Description
Add a new method DataFrame.select
to select columns from a DataFrame. The exact specs are still open to discussion, here I write a draft of what the method could look like.
Basic case, select columns. Personally both as a list, or as multiple parameters with *args
should be supported for convenience:
df.select("column1", "column2")
df.select(["column1", "column2"])
Cases to consider.
What if a provided column doesn't exist? I assume we want to raise a ValueError
.
What if a column is duplicated? I assume we want to return the column twice.
How to select with a wildcard or regex? Some options:
- Not support them (users can do anything fancy with
df.columns
themselves. - Assume the column is a regex if name starts by
^
and ends with$
. For wildcards, I guess it could be ok ifcolumn*
is provided, to first check if the column with the star exists, if it does return it, otherwise assume the star is a wildcard - Accept callables, so users can do
df.select(lambda col: col.startswith("column"))
- Have extra parameters
regex
likedf.select(regex="column\d")
- Same as 2 by make users enable if explicitly with a flag
df.select("column\d", regex=True)
Personally, I'd start by 1, not supporting anything fancy, and decide later. It's way easier to add, than to remove something we don't like once released.
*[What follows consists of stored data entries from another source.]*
Lemma sum_ge_small_mode (N x : R) (n i0 : nat) : 0 < N -> 1 <= x -> x ^ 2 + x / 2 <= INR n ->
  INR i0 <= x ^ 2 < INR i0 + 1 -> b N i0 x < 3 / 4 ->
  x / 2 * Rmin (3 / 4 * b N i0 x) (1 / 4) ^ 2 <= sum1n n (fun i => distZ (b N i x) ^ 2).
Proof.
  intros HN Hx Hn Hi0 Hsmall.
  set (F := b N i0 x) in *.
  assert (HF : 0 < F) by (apply b_pos; lra).
  set (d := Rmin (3 / 4 * F) (1 / 4)).
  assert (Hd : 0 < d) by (apply Rmin_pos; lra).
  set (K := nat_floor (x / 2)).
  destruct (nat_floor_spec (x / 2)) as [HK1 HK2]; [lra |]. fold K in HK1, HK2.
  assert (Hi0pos : (1 <= i0)%nat) by (destruct i0; [simpl in Hi0; nra | lia]).
  assert (Hblock : (i0 + S K <= n + 1)%nat).
  { apply INR_le. rewrite !plus_INR, S_INR. simpl INR. lra. }
  apply Rle_trans with (INR (S K) * d ^ 2).
  { rewrite S_INR. apply Rmult_le_compat_r; [apply pow2_ge_0 | lra]. }
  apply (sum1n_ge_block _ _ n i0 (S K) (fun i => pow2_ge_0 _) Hi0pos Hblock).
  intros j Hj.
  assert (Hjx : INR j <= x / 2) by (assert (INR j <= INR K) by (apply le_INR; lia); lra).
  destruct (b_flat_after_mode N x i0 j HN Hx Hi0 Hjx) as [Hlo Hhi]. fold F in Hlo, Hhi.
  apply pow_incr. split; [lra |]. apply distZ_ge; [exact Hd |].
  split; [eapply Rle_trans; [apply Rmin_l | exact Hlo] |].
  assert (d <= 1 / 4) by apply Rmin_r. lra.
Qed.

Lemma b_tail_lt (N x : R) (i0 h : nat) : 0 < N -> 0 < x -> x ^ 2 < INR i0 + 1 ->
  INR h <= x ^ 2 -> ln N + 15 <= INR h ^ 2 / (2 * x ^ 2) -> b N (i0 + (h + h)) x < 1 / 4.
Proof.
  intros HN Hx Hi0 Hh Hgauss.
  rewrite Nat.add_assoc.
  pose proof (b_sqr_decay N x i0 h HN Hx Hi0 Hh) as Hdecay.
  pose proof (b_sqr_le N x i0 ltac:(lra)).
  assert (exp (- (INR h ^ 2 / (2 * x ^ 2))) * b N i0 x ^ 2 <= exp (-15)).
  { eapply Rle_trans; [apply Rmult_le_compat_l; [left; apply exp_pos | eassumption] |].
    rewrite <- (exp_ln N HN), <- exp_plus. apply exp_le. lra. }
  pose proof exp_neg15_lt.
  destruct (Rlt_le_dec (b N (i0 + h + h) x) (1 / 4)) as [Hlt | Hge]; [exact Hlt |].
  assert ((1 / 4) ^ 2 <= b N (i0 + h + h) x ^ 2) by (apply pow_incr; lra). lra.
Qed.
What to do with MultiIndex? I guess if a list of strings is provided, they should select from the first level of the MultiIndex. Should we support the elements being tuples to select multiple levels at once? I haven't worked much with MultiIndex myself for a while, @Dr-Irv maybe you have an idea on what the expectation should be.
Can anyone think of anything else not trivial for implementing this?